Output exactly the lines below, starting with the line that has "exists (n : nat) (g" and going on through the line that has "(forall x, S x -> add z x = x)", both included, and no other lines.

> [Supplied records]:
== Segment start ==

(* For the binary tree-shifts $X_{10}=(B,D)$ and $X_{12}=(B,F)$, the limit $h_{PS}$ exists and $$h_{PS}(X_{10})=h_{PS}(X_{12})=\frac12\sum_{n=2}^\infty\frac{\log n}{2^n}.$$
   Context: Binary tree-shifts: $k=2$, directions $a_1,a_2$, alphabet $\{0,1\}$; $(P,Q)$ is the set of trees $t:\{a_1,a_2\}^*\to\{0,1\}$ with $P_{t_x,t_{xa_1}}=1$, $Q_{t_x,t_{xa_2}}=1$ for all nodes $x$. Matrices: $B=\begin{pmatrix}1&0\\0&1\end{pmatrix}$, $D=\begin{pmatrix}1&1\\1&0\end{pmatrix}$, $F=\begin{pmatrix}0&1\\1&1\end{pmatrix}$. $p(n)$ is the number of allowed blocks of length $n$ (labellings $t|_{\Delta_n}$, $\Delta_n$ the words of length $\le n$), and $h_{PS}=\lim_{n\to\infty}\frac{\log p(n)}{1+2+\cdots+2^n}$. *)

From HB Require Import structures.
From mathcomp Require Import all_boot all_order all_algebra.
From mathcomp Require Import all_classical all_reals all_analysis.
Set Implicit Arguments. Unset Strict Implicit. Unset Printing Implicit Defensive.
Import Order.TTheory GRing.Theory Num.Theory.

(* Directions: a1 = false, a2 = true.
   Nodes are words over {a1,a2}: seq bool; the child x a_i is rcons x a_i. *)

Definition node := seq bool.

Definition in_shift (P Q : 'M[nat]_2) (t : node -> 'I_2) : Prop :=
  forall x : node, P (t x) (t (rcons x false)) = 1%N /\ Q (t x) (t (rcons x true)) = 1%N.

Fixpoint words_len (k : nat) : seq node :=
  if k is k'.+1 then
    [seq rcons w b | w <- words_len k', b <- [:: false; true]]
  else [:: [::]].

Definition words_upto (n : nat) : seq node :=
  flatten [seq words_len k | k <- iota 0 n.+1].

(* the block t|_{Delta_n}, listed along the (duplicate-free) enumeration words_upto n *)
Definition block (t : node -> 'I_2) (n : nat) : seq 'I_2 := map t (words_upto n).

Definition allowed_blocks (P Q : 'M[nat]_2) (n : nat) :
  {set (size (words_upto n)).-tuple 'I_2} :=
  [set s | `[< exists t, in_shift P Q t /\ block t n = tval s >]].

Definition p_count (P Q : 'M[nat]_2) (n : nat) : nat := #|allowed_blocks P Q n|.

Definition matB : 'M[nat]_2 := \matrix_(i < 2, j < 2) nat_of_bool (i == j).
Definition matD : 'M[nat]_2 :=
  \matrix_(i < 2, j < 2) (if (i == 1 :> nat) && (j == 1 :> nat) then 0 else 1)%N.
Definition matF : 'M[nat]_2 :=
  \matrix_(i < 2, j < 2) (if (i == 0 :> nat) && (j == 0 :> nat) then 0 else 1)%N.
Lemma prefix_determined_MR_event n j t :
  prefix_determined (psum t n) (fun x => MR_event x n j t).
Proof.
move=> x y E [t0 MR]; split=> // i ni; have [J xi] := MR i ni.
have E' := prefix_eq_le (psum_mono t ni) E.
by split; [apply: eq_jump_time J|rewrite -E'].
Qed.

Lemma MR_eventS (x : nat -> letter) n j t :
  MR_event x n.+1 j t <-> [/\ MR_event x n j t,
    jump_time x n.+1 (psum t n + t n.+1)%N & x (psum t n + t n.+1)%N = j n.+1].
Proof.
rewrite -psumS; split=> [[t0 MR]|[[t0 MR] J xn]].
  have [J xn] := MR n.+1 (leqnn _).
  by split=> //; split=> // i ni; apply: MR; apply: leqW.
by split=> // i; rewrite leq_eqVlt => /orP[/eqP->|/MR].
Qed.

Lemma MR_eventS_run (x : nat -> letter) n j t i : t n.+1 = i.+1 -> j n != j n.+1 ->
  MR_event x n.+1 j t <-> [/\ MR_event x n j t, run_from (psum t n) (j n) i x
                            & x (psum t n + i).+1 = j n.+1].
Proof.
move=> tn ab; rewrite MR_eventS tn addnS.
split=> [[MR /(jump_timeS _ (proj1 (MR.2 n (leqnn n)))) [_ _ c] ->]|[MR r xb]].
  have [_ <-] := MR.2 n (leqnn n); split=> //.
  by apply/run_fromP => k /andP[Nk ki]; rewrite c // Nk ltnS.
have [J xN] := MR.2 n (leqnn n); split=> //.
apply/(jump_timeS _ J); split; first by rewrite ltnS leq_addr.
  by rewrite xb /= r // eq_sym.
rewrite -xN in r; move/run_fromP: r => c k /andP[Nk ki].
by apply: c; rewrite Nk -ltnS.
Qed.

Lemma MR_eventS_degenerate (x : nat -> letter) n j t :
  ~~ ((j n != j n.+1) && (0 < t n.+1)%N) -> ~ MR_event x n.+1 j t.
Proof.
move=> deg /MR_eventS [MR J xb]; have [J0 xN] := MR.2 n (leqnn n).
have [lt ch _] := (jump_timeS _ J0).1 J.
case/nandP: deg => [/negPn/eqP ab|]; last first.
  by rewrite -eqn0Ngt => /eqP t0; rewrite t0 addn0 ltnn in lt.
rewrite xb (jump_time_const J0 J) ?xN ?ab ?eqxx // in ch.
by apply/andP; split; lia.
Qed.

Definition cylinder (T : Type) (X : nat -> T -> letter) (r : nat)
    (g : nat -> letter) : set T :=
  [set w | forall i, (i <= r)%N -> X i w = g i].
Lemma a_le_stem_101 j : j <= 37 * 2 ^ (2 * k + 3) -> a j <= X k.+1 + Y k.+1.
Proof.
move=> le_j; apply: leq_trans (lex_max_100101 k_ge2).
apply: a_le_lex_max; rewrite !val2_cat val2_nseq_false size_cat size_nseq /=.
rewrite (_ : val2 [:: true; false; false; true; false; true] = 37) // (_ : val2 [:: true] = 1) //.
by rewrite (_ : (2 * k).+2 + 1 = 2 * k + 3) /=; lia.
Qed.

Lemma W_attained : exists2 i, i < 36 * 2 ^ (2 * k + 3) & s i = W k.
Proof.
set r := srep (k + 2) [:: true; false] ++ [:: true].
have size_r : size r = 2 * k + 5 by rewrite size_cat size_srep /=; lia.
have pow3 : 2 ^ (2 * k + 3) = 2 ^ (2 * k) * 8 by rewrite expnD.
have pow5 : 2 ^ (2 * k + 5) = 2 ^ (2 * k) * 32 by rewrite expnD.
have := val2_lt r; have := expn_gt0 2 (2 * k); rewrite size_r pow3 pow5 => pow_pos r_lt.
have j_eq : val2 ([:: true; false; false; false] ++ r) = 8 * 2 ^ (2 * k + 5) + val2 r.
  by rewrite val2_cat size_r.
rewrite pow5 in j_eq.
exists (val2 ([:: true; false; false; false] ++ r)).-1; first by lia.
by rewrite /s prednK ?a_W_witness //; lia.
Qed.

Lemma record_setter_stem_010 : record_setter (val2 (stem k ++ [:: false; true; false])).
Proof.
rewrite (_ : val2 _ = q * 8 + 2); last by rewrite val2_stem_bits.
apply: (@record_setter_by_bound _ (W k)) => [j|]; first by apply: a_le_W.
by rewrite /s -(addnS (q * 8) 2) a_stem_011 W_lt_3X_2Y.
Qed.

Lemma record_setter_stem_100 : record_setter (val2 (stem k ++ [:: true; false; false])).
Proof.
rewrite (_ : val2 _ = q * 8 + 4); last by rewrite val2_stem_bits.
apply: (@record_setter_by_bound _ (3 * X k + 2 * Y k)) => [j|]; first by apply: a_le_stem_011.
rewrite /s -(addnS (q * 8) 4) a_stem_101; have [-> ->] := XY_succ k.
by have := X_lt_Y k; lia.
Qed.

Lemma record_setter_window v :
  36 * 2 ^ (2 * k + 3) <= v < 37 * 2 ^ (2 * k + 3) -> record_setter v ->
  v = val2 (stem k ++ [:: false; true; false]) \/ v = val2 (stem k ++ [:: true; false; false]).
Proof.
rewrite !val2_stem_bits -/q.
have pow3 : 2 ^ (2 * k + 3) = 2 ^ (2 * k) * 8 by rewrite expnD.
rewrite pow3 => /andP [lo hi] rs.
have [lt_v | ge_v] := ltnP v (q * 8 + 2).
  have [i lt_i s_i] := W_attained; rewrite pow3 in lt_i.
  case: (not_record_setter (i := i) _ _ rs); first by lia.
  by rewrite s_i /s a_le_W.
have [-> | ne2] := eqVneq v (q * 8 + 2); first by left.
have [eq3 | ne3] := eqVneq v (q * 8 + 3).
  case: (not_record_setter (i := q * 8 + 2) _ _ rs); first by lia.
  by rewrite eq3 /s -(addnS _ 2) -(addnS _ 3) a_stem_011 a_stem_100; lia.
have [-> | ne4] := eqVneq v (q * 8 + 4); first by right.
case: (not_record_setter (i := q * 8 + 4) _ _ rs); first by lia.
by rewrite /s -(addnS _ 4) a_stem_101 a_le_stem_101 // pow3; lia.
Qed.

End Window.

Theorem mainTheorem18 (n : nat) (hn : 3 <= n) (v : nat) :
  (record_setter v /\ size (bin v) = 2 * n + 7 /\
   prefix [:: true; false; false; true; false; false] (bin v))
  <->
  (v = val2 ([:: true; false; false; true; false; false]
               ++ srep n.-1 [:: true; false] ++ [:: false; true; false])
   \/
   v = val2 ([:: true; false; false; true; false; false]
               ++ srep n [:: true; false] ++ [:: false])).
Proof.
case: n hn => [|k] // hn; have k_ge2 : 2 <= k by lia.
rewrite [k.+1.-1]/= catA srepSr -catA -[_ ++ [:: false]]catA catA -/(stem k).
have -> : 2 * k.+1 + 7 = (size [:: false; false; true; false; false]).+1 + (2 * k + 3).
  by rewrite /=; lia.
have val2_head : val2 [:: true; false; false; true; false; false] = 36 by [].
split=> [[rs /bin_window] | cand].
  by rewrite val2_head => window; apply: record_setter_window.
split; first by case: cand => ->; [apply: record_setter_stem_010 | apply: record_setter_stem_100].
apply/bin_window; rewrite val2_head expnD.
by have := stem_window k; case: cand => ->; rewrite val2_stem_bits; lia.
Qed.
(* Let $A$ be a right noetherian graded algebra and $e\in A$ an idempotent such that $eAe$ is a right noetherian graded algebra. If $Ae\in\mathrm{grmod}\,eAe$ and $(-)e:\mathrm{tails}\,A\to\mathrm{tails}\,eAe$ is an equivalence, then $A/(e)$ is a torsion $A$-module.
   Context: Graded algebras are $\mathbb{N}$-graded algebras over an algebraically closed field $k$. For a graded module $M$, $(-)e$ sends $M$ to $Me$ (i.e. $M\otimes_A Ae$), a graded right $eAe$-module. A graded right $A$-module $M$ is torsion if for every $m\in M$ there is $n$ with $mA_{\ge n}=0$. $\mathrm{grmod}\,B$ is the category of finitely generated graded right $B$-modules, $\mathrm{tails}\,B=\mathrm{grmod}\,B/\mathrm{tors}\,B$ where $\mathrm{tors}\,B$ is the subcategory of finite-dimensional (torsion) modules. $(e)$ is the two-sided ideal generated by $e$. *)

From mathcomp Require Import all_boot all_algebra.

Set Implicit Arguments.
Unset Strict Implicit.
Unset Printing Implicit Defensive.

Import GRing.Theory.
Local Open Scope ring_scope.

Section GradedDefs.

Variables (k : closedFieldType) (A : algType k).

Definition is_grading (Ad : nat -> A -> Prop) : Prop :=
  [/\ [/\ (forall n, Ad n 0),
      (forall n a b, Ad n a -> Ad n b -> Ad n (a + b))
    & (forall n (c : k) a, Ad n a -> Ad n (c *: a))],
      (forall i j a b, Ad i a -> Ad j b -> Ad (i + j)%N (a * b)),
      Ad 0%N 1,
      (forall a, exists (m : nat) (c : nat -> A),
          (forall i, Ad i (c i)) /\ a = \sum_(i < m) c i)
    & (forall (m : nat) (c : nat -> A), (forall i, Ad i (c i)) ->
          \sum_(i < m) c i = 0 -> forall i, (i < m)%N -> c i = 0)].

Definition geq_part (Ad : nat -> A -> Prop) (n : nat) (a : A) : Prop :=
  exists (m : nat) (c : nat -> A),
    (forall i, Ad (n + i)%N (c i)) /\ a = \sum_(i < m) c i.

(** The corner algebra fAf (for f = 1 this is all of A). *)
Definition corner (f a : A) : Prop := f * a * f = a.

Definition right_noetherian_corner (f : A) : Prop :=
  forall I : A -> Prop,
    (forall a, I a -> corner f a) -> I 0 ->
    (forall a b, I a -> I b -> I (a + b)) ->
    (forall a b, I a -> corner f b -> I (a * b)) ->
    exists (n : nat) (g : nat -> A), (forall i, (i < n)%N -> I (g i)) /\
      forall a, I a -> exists c : nat -> A,
        (forall i, corner f (c i)) /\ a = \sum_(i < n) g i * c i.

Definition ideal_gen (e y : A) : Prop :=
  exists (m : nat) (x z : nat -> A), y = \sum_(i < m) x i * e * z i.

(** A module is the subset [rm_S] of a carrier type,
    with group operations, a right action of A (only its restriction to the
    corner fAf is constrained) and a Z-grading [rm_deg]. *)
Record rawmod := RawMod {
  rm_car : Type;
  rm_S : rm_car -> Prop;
  rm_zero : rm_car;
  rm_add : rm_car -> rm_car -> rm_car;
  rm_opp : rm_car -> rm_car;
  rm_act : rm_car -> A -> rm_car;
  rm_deg : int -> rm_car -> Prop }.

Arguments rm_S : clear implicits.
Arguments rm_deg : clear implicits.
Arguments rm_zero : clear implicits.
Unset Implicit Arguments.

Definition msum (M : rawmod) (s : seq (rm_car M)) : rm_car M :=
  foldr (@rm_add M) (rm_zero M) s.
Arguments msum {M} s.

(** sum_{i = -n}^{n} c i *)
Definition zsum (M : rawmod) (n : nat) (c : int -> rm_car M) : rm_car M :=
  msum [seq c (i%:Z - n%:Z) | i <- iota 0 (n + n).+1].
Arguments zsum {M} n c.

Definition msub (M : rawmod) (x y : rm_car M) := rm_add x (rm_opp y).
Arguments msub {M} x y.

Definition is_grmod (Ad : nat -> A -> Prop) (f : A) (M : rawmod) : Prop :=
  let S := rm_S M in let z := rm_zero M in let add := @rm_add M in
  let opp := @rm_opp M in let act := @rm_act M in let deg := rm_deg M in
  [/\
      [/\ [/\ S z, (forall x y, S x -> S y -> S (add x y))
            & (forall x, S x -> S (opp x))],
          (forall x y w, S x -> S y -> S w -> add x (add y w) = add (add x y) w),
          (forall x y, S x -> S y -> add x y = add y x),
          (forall x, S x -> add z x = x)
        & (forall x, S x -> add x (opp x) = z)],
      [/\ (forall x a, S x -> corner f a -> S (act x a)),
          (forall x a b, S x -> corner f a -> corner f b ->
              act x (a + b) = add (act x a) (act x b)),
          (forall x y a, S x -> S y -> corner f a ->
              act (add x y) a = add (act x a) (act y a)),
          (forall x a b, S x -> corner f a -> corner f b ->
              act x (a * b) = act (act x a) b)
        & (forall x, S x -> act x f = x)],
      [/\ (forall i x, deg i x -> S x), (forall i, deg i z),
          (forall i x y, deg i x -> deg i y -> deg i (add x y)),
          (forall i x, deg i x -> deg i (opp x))
        & (forall i j x a, deg i x -> corner f a -> Ad j a ->
              deg (i + j%:Z) (act x a))],
      (forall x, S x -> exists (n : nat) (c : int -> rm_car M),
          (forall i, deg i (c i)) /\ x = zsum n c)
    & (forall (n : nat) (c : int -> rm_car M), (forall i, deg i (c i)) ->
          zsum n c = z -> forall i, (`|i| <= n)%N -> c i = z)].
Lemma angle_struct_min b m : injective (mod1 \o theta) -> theta m = 0 ->
  is_min (angle_struct b) m.
Proof.
move=> theta_inj m0 x xm; rewrite P2lt_angle_struct m0 /mod1 ltr01.
have /andP[x0 x2] := theta_itv x.
have : mod1 (theta x) != mod1 (theta m) by apply: contra xm => /eqP/theta_inj ->.
by rewrite m0 /mod1 ltr01; case: ifP => x1 x_neq0; rewrite lt_neqAle eq_sym x_neq0 /=; lra.
Qed.

Lemma P2part_angle_struct0 b m : theta m = 0 -> P2part (angle_struct b) m = b.
Proof. by move=> m0; rewrite P2part_angle_struct m0 ltr01; case: b. Qed.

End AngleStructure.

Section S2Extensions.
Variables (R : realType) (n : nat) (v : 'I_n -> rat).
Hypothesis v_inj : injective v.

Definition s2_angle m x : R := argpi (ratr (v x) - ratr (v m)).

Definition s2_ext m b : P2struct n := angle_struct (s2_angle m) b.

Lemma s2_angle_itv m x : 0 <= s2_angle m x < 2.
Proof. exact: argpi_itv. Qed.

Lemma s2_angle_mm m : s2_angle m m = 0.
Proof. by rewrite /s2_angle subrr argpi0. Qed.

Lemma mod1_s2_angle_inj m : injective (mod1 \o s2_angle m).
Proof. by move=> x y /mod1_eq[e /argpi_ratr_subz /v_inj]. Qed.

Lemma s2_ext_is_extension m b : is_extension R v (s2_ext m b).
Proof.
split; first exact/is_P2_angle_struct/mod1_s2_angle_inj.
move=> x y; rewrite p_arc_angle_struct; last exact: s2_angle_itv.
by rewrite /X_arc /S2_arc (arc_argpi _ _ (ratr (v m))).
Qed.

Lemma s2_ext_min m b : is_min (s2_ext m b) m.
Proof.
exact/angle_struct_min/s2_angle_mm/mod1_s2_angle_inj/s2_angle_itv.
Qed.

Lemma P2part_s2_ext m b : P2part (s2_ext m b) m = b.
Proof. exact/P2part_angle_struct0/s2_angle_mm. Qed.

Lemma s2_ext_inj : injective (fun mb : 'I_n * bool => s2_ext mb.1 mb.2).
Proof.
move=> [m b] [m' b'] /= mbE.
have mm' : m = m'.
  apply: (min_unique (s2_ext_is_extension m b).1 (s2_ext_min b)).
  by rewrite mbE; exact: s2_ext_min.
by subst m'; rewrite -(P2part_s2_ext m b) mbE P2part_s2_ext.
Qed.
Definition forest_weight (fs : seq (nat * (seq A -> K))) (p : A) (w : seq A) : K :=
  match fs with
  | [::] => phi p
  | (k, f) :: fs' => f (take k.-1 w) * forest_weight_sep fs' p (drop k.-1 w)
  end.

Fixpoint tree_weight (t : ptree) : seq A -> K :=
  match t with
  | PLeaf => fun _ => 1
  | PNode cs => forest_weight [seq (nleaves c, tree_weight c) | c <- cs] 1
  end.

Definition forestW (cs : seq ptree) : A -> seq A -> K :=
  forest_weight [seq (nleaves c, tree_weight c) | c <- cs].

Definition vertex_weights (t : ptree) (a : seq A) : K :=
  \prod_(v <- internal_addrs t) phi (view_prod t v a).

Lemma forestW_cons c cs p a :
  (0 < nleaves c)%N -> (0 < size cs)%N -> all (fun c => 0 < nleaves c)%N cs ->
  (nleaves c <= size a)%N ->
  forestW (c :: cs) p a =
  tree_weight c (take (nleaves c).-1 a) * forestW cs (p * a`_(nleaves c).-1) (drop (nleaves c) a).
Proof.
move=> c_gt0 cs_gt0 cs_pos c_le; rewrite /forestW /= (drop_nth 0); last by rewrite prednK.
case: cs cs_gt0 cs_pos => // c' cs _ /andP [hc' _] /=; rewrite prednK //.
by case: (nleaves c') hc'.
Qed.

Lemma node_vertex_weightsE cs : (0 < size cs)%N -> all reduced cs ->
  all_prop (fun c => forall a,
    size a = (nleaves c).-1 -> vertex_weights c a = tree_weight c a) cs ->
  forall p a, size a = (nleaves (PNode cs)).-1 ->
  phi (p * view_prod (PNode cs) [::] a) *
    \prod_(v <- behead (internal_addrs (PNode cs))) phi (view_prod (PNode cs) v a)
  = forestW cs p a.
Proof.
elim: cs => [//|c cs IH] _ /andP [rc rcs] [Hc Hcs] p a.
have nc0 := nleaves_gt0 rc.
case: cs IH rcs Hcs => [|c2 cs] IH rcs Hcs.
  rewrite nleaves_node /= addn0 => ha.
  rewrite /view_prod prod_iota_pred0; last first.
    by move=> i; rewrite ha => hi; rewrite clear_view_consl //; lia.
  rewrite cats0 big_map /forestW /= take_oversize ?ha // -Hc // mulr1 mulrC.
  congr (_ * _); apply: eq_bigr => v _; congr (phi _); rewrite /view_prod -ha.
  by apply: eq_prod_iota => i hi //; rewrite clear_view_consl ?eqseq_cons ?eqxx //; lia.
move: IH => /(_ isT rcs Hcs) IH; set cs' := c2 :: cs.
have nt0 : (0 < nleaves (PNode cs'))%N.
  by rewrite nleaves_node /= addn_gt0 nleaves_gt0 //; case/andP: rcs.
have -> : nleaves (PNode (c :: cs')) = (nleaves c + nleaves (PNode cs'))%N by rewrite !nleaves_node.
move=> ha; rewrite internal_addrs_cons big_cat !big_map view_prod_cons_root //.
rewrite (eq_bigr _ (fun v _ => congr1 phi (view_prod_cons_first nc0 nt0 ha v))).
rewrite (eq_big_seq _ (fun v hv => congr1 phi (view_prod_cons_shift nc0 nt0 ha _))); last first.
  by have /allP := internal_addrs_from_nonnil 0 cs'; apply.
rewrite -[\prod_(v <- internal_addrs c) _]/(vertex_weights c _) Hc; last first.
  by rewrite size_take ha; case: ifP => //; lia.
rewrite forestW_cons ?ha //; last 2 first.
- exact: (@sub_all _ reduced _ (fun c0 => @nleaves_gt0 c0) cs' rcs).
- by lia.
rewrite -IH; last by rewrite size_drop ha /cs'; lia.
rewrite [p * (_ * _)]mulrA; exact: mulrCA.
Qed.
(* Let $S$ be a completely simple semigroup definable in $\mathcal{M}$. Then there exist definable sets $I,\Lambda$, a definable group $G$ and a definable map $P:\Lambda\times I\to G$ such that $S$ is definably isomorphic to the Rees matrix semigroup $\mathscr{M}(I,G,\Lambda,P)$.
   Context: $\mathcal{M}$ is a sufficiently saturated o-minimal structure with definable choice; ''definable'' means definable with parameters. A semigroup is simple if it has no proper ideals, and completely simple if it is simple and has a primitive idempotent ($e$ with: $f$ idempotent and $ef=fe=f$ imply $f=e$). For a group $G$, nonempty sets $I,\Lambda$ and $P:\Lambda\times I\to G$, $\mathscr{M}(I,G,\Lambda,P)$ is the set $I\times G\times\Lambda$ with product $(i,g,\lambda)(j,h,\mu)=(i,g\,P(\lambda,j)\,h,\mu)$. *)

(* Model-theoretic framework for definability in an
   o-minimal structure, following van den Dries, "Tame topology and o-minimal
   structures", Ch. 1: a structure on a set M is a family (D_n) of Boolean
   algebras of subsets of M^n closed under products, projections, and
   containing the diagonals; "definable" (with parameters) = belonging to D_n. *)
From mathcomp Require Import all_boot.
Set Implicit Arguments.
Unset Strict Implicit.
Unset Printing Implicit Defensive.

Section Framework.
Variable M : Type.

Definition tset (n : nat) := n.-tuple M -> Prop.

Definition tupL m n (z : (m + n).-tuple M) : m.-tuple M :=
  [tuple tnth z (lshift n i) | i < m].
Definition tupR m n (z : (m + n).-tuple M) : n.-tuple M :=
  [tuple tnth z (rshift m i) | i < n].
Definition tcat m n (x : m.-tuple M) (y : n.-tuple M) : (m + n).-tuple M :=
  cat_tuple x y.

Variable D : forall n, tset n -> Prop.

Record is_structure : Prop := {
  def_ext : forall n (A B : tset n), D A -> (forall x, A x <-> B x) -> D B;
  def_full : forall n, D (fun _ : n.-tuple M => True);
  def_compl : forall n (A : tset n), D A -> D (fun x => ~ A x);
  def_inter : forall n (A B : tset n), D A -> D B -> D (fun x => A x /\ B x);
  def_prod : forall m n (A : tset m) (B : tset n), D A -> D B ->
      D (fun z : (m + n).-tuple M => A (tupL z) /\ B (tupR z));
  def_diag : forall n (i j : 'I_n), D (fun x : n.-tuple M => tnth x i = tnth x j);
  def_proj : forall m n (A : tset (m + n)), D A ->
      D (fun x : m.-tuple M => exists y : n.-tuple M, A (tcat x y))
}.

Variable lt : M -> M -> Prop.

Definition dlo_without_endpoints : Prop :=
  [/\ (forall x, ~ lt x x),
      (forall x y z, lt x y -> lt y z -> lt x z),
      (forall x y, lt x y \/ x = y \/ lt y x),
      (forall x y, lt x y -> exists z, lt x z /\ lt z y) &
      (forall x, (exists y, lt y x) /\ (exists y, lt x y))].

(* points and (possibly unbounded) open intervals of M; None = infinity *)
Inductive piece := Pt of M | Itv of option M & option M.

Definition in_piece (p : piece) (x : M) : Prop :=
  match p with
  | Pt a => x = a
  | Itv a b => (forall a', a = Some a' -> lt a' x) /\
               (forall b', b = Some b' -> lt x b')
  end.

(* o-minimal structure on (M,<): < is definable, all points are definable
   (definability with parameters), and every definable subset of M is a
   finite union of points and intervals. *)
Definition o_minimal : Prop :=
  [/\ is_structure, dlo_without_endpoints,
      D (fun x : 2.-tuple M => lt (tnth x ord0) (tnth x ord_max)),
      (forall a : M, D (fun x : 1.-tuple M => tnth x ord0 = a)) &
      (forall A : tset 1, D A -> exists s : seq piece,
          forall x : M, A [tuple x] <-> foldr (fun p P => in_piece p x \/ P) False s)].

Definition def_map m k (dom : tset m) (f : m.-tuple M -> k.-tuple M) : Prop :=
  D (fun z : (m + k).-tuple M => dom (tupL z) /\ tupR z = f (tupL z)).

Definition definable_choice : Prop :=
  forall m n (X : tset (m + n)), D X ->
    let pi := fun x : m.-tuple M => exists y, X (tcat x y) in
    exists f : m.-tuple M -> n.-tuple M,
      [/\ def_map pi f,
          (forall x, pi x -> X (tcat x (f x))) &
          (forall x x', pi x -> pi x' ->
              (forall y, X (tcat x y) <-> X (tcat x' y)) -> f x = f x')].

== Segment end ==

> [Final answer]:
    exists (n : nat) (g : nat -> A), (forall i, (i < n)%N -> I (g i)) /\
      forall a, I a -> exists c : nat -> A,
        (forall i, corner f (c i)) /\ a = \sum_(i < n) g i * c i.

Definition ideal_gen (e y : A) : Prop :=
  exists (m : nat) (x z : nat -> A), y = \sum_(i < m) x i * e * z i.

(** A module is the subset [rm_S] of a carrier type,
    with group operations, a right action of A (only its restriction to the
    corner fAf is constrained) and a Z-grading [rm_deg]. *)
Record rawmod := RawMod {
  rm_car : Type;
  rm_S : rm_car -> Prop;
  rm_zero : rm_car;
  rm_add : rm_car -> rm_car -> rm_car;
  rm_opp : rm_car -> rm_car;
  rm_act : rm_car -> A -> rm_car;
  rm_deg : int -> rm_car -> Prop }.

Arguments rm_S : clear implicits.
Arguments rm_deg : clear implicits.
Arguments rm_zero : clear implicits.
Unset Implicit Arguments.

Definition msum (M : rawmod) (s : seq (rm_car M)) : rm_car M :=
  foldr (@rm_add M) (rm_zero M) s.
Arguments msum {M} s.

(** sum_{i = -n}^{n} c i *)
Definition zsum (M : rawmod) (n : nat) (c : int -> rm_car M) : rm_car M :=
  msum [seq c (i%:Z - n%:Z) | i <- iota 0 (n + n).+1].
Arguments zsum {M} n c.

Definition msub (M : rawmod) (x y : rm_car M) := rm_add x (rm_opp y).
Arguments msub {M} x y.

Definition is_grmod (Ad : nat -> A -> Prop) (f : A) (M : rawmod) : Prop :=
  let S := rm_S M in let z := rm_zero M in let add := @rm_add M in
  let opp := @rm_opp M in let act := @rm_act M in let deg := rm_deg M in
  [/\
      [/\ [/\ S z, (forall x y, S x -> S y -> S (add x y))
            & (forall x, S x -> S (opp x))],
          (forall x y w, S x -> S y -> S w -> add x (add y w) = add (add x y) w),
          (forall x y, S x -> S y -> add x y = add y x),
          (forall x, S x -> add z x = x)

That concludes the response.